### [Task prompt]
Gather all lines in the data that hold the string "Chat".

Recorded data
Theorem corollary2 (R : realType) (p n : nat)
  (d : measure_display) (T : measurableType d) (P : probability T R)
  (Pz : probability (p.-tuple R * R)%type R)
  (Z : 'I_n.+1 -> T -> (p.-tuple R * R)%type)
  (V : (p.-tuple R * R)%type -> R)
  (H : p.-tuple R -> p.-tuple R -> (n.+1).-tuple (p.-tuple R) -> R)
  (alpha : R) (M : nat) (grid : 'I_M -> R) :
  (forall i, measurable_fun setT (Z i)) ->
  mutually_independent P Z ->
  (forall i (A : set (p.-tuple R * R)), measurable A ->
     P (Z i @^-1` A) = Pz A) ->
  measurable_fun setT V -> (forall z, 0 <= V z) ->
  (forall x1 x2 X, 0 <= H x1 x2 X <= 1) ->
  (forall x X, H x x X = 1) ->
  (forall (s : 'S_n.+1) x1 x2 X,
     H x1 x2 [tuple tnth X (s i) | i < n.+1] = H x1 x2 X) ->
  measurable_fun setT
    (fun t : (p.-tuple R * p.-tuple R * (n.+1).-tuple (p.-tuple R))%type =>
       H t.1.1 t.1.2 t.2) ->
  0 < alpha < 1 ->
  (forall i j : 'I_M, (i < j)%N -> grid i < grid j) ->
  (forall m, 0 <= grid m <= 1) ->
  (forall w : T, exists m : 'I_M,
     admissible H (fun i => (Z i w).1) (fun i => V (Z i w)) grid alpha m) ->
  (alpha%:E <= P [set w | Chat H (fun i => (Z i w).1) (fun i => V (Z i w))
                              grid alpha V (Z ord_max w).2])%E.
Proof.
move=> mZ indep idist mV _ H01 Hdiag H_perm mH /andP[_ alpha_lt1] grid_incr _ ex_adm.
pose feats := @tuple_app _ _ n.+1 (@fst (p.-tuple R) R).
pose scores := @tuple_app _ _ n.+1 V.
pose miss t := oracle_miss H grid alpha (feats t) (scores t).
pose covered := [set t | (scores t ord_max)%:E <=
                         threshold H (feats t) (scores t) grid alpha]%E.
have mfeats i : measurable_fun setT (feats^~ i) by exact: measurable_tuple_app.
have mscores i : measurable_fun setT (scores^~ i) by exact: measurable_tuple_app.
have mmiss := measurable_oracle_miss grid alpha H01 Hdiag mH mfeats mscores ord_max.
have miss_perm s t i : miss (permute_tuple s t) i = miss t (s i).
  by rewrite /miss /feats /scores !tuple_app_permute oracle_miss_perm.
have := exchangeable_event_bound mZ indep idist mmiss miss_perm
  (fun t => oracle_miss_sum H grid _ _ alpha_lt1).
rewrite mulfK // => miss_le.
have -> : [set w | Chat H (fun i => (Z i w).1) (fun i => V (Z i w)) grid alpha V
    (Z ord_max w).2] = sample Z @^-1` covered.
  apply/seteqP; split => w; rewrite /Chat /covered /feats /scores /= !tuple_app_sample;
    by case: (Z ord_max w).
apply: (probability_ge_setC _ _ _ miss_le).
- apply/measurable_sample_preimage/measurable_set_bool/measurable_covered => //.
  exact/measurable_EFinP.
- exact: (measurable_sample_preimage mZ (measurable_set_bool mmiss)).
- move=> w /negP; rewrite /covered /miss /feats /scores /= !tuple_app_sample.
  exact: uncovered_oracle_miss grid_incr (ex_adm w).
Qed.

### [Task output]
  (alpha%:E <= P [set w | Chat H (fun i => (Z i w).1) (fun i => V (Z i w))
have -> : [set w | Chat H (fun i => (Z i w).1) (fun i => V (Z i w)) grid alpha V
  apply/seteqP; split => w; rewrite /Chat /covered /feats /scores /= !tuple_app_sample;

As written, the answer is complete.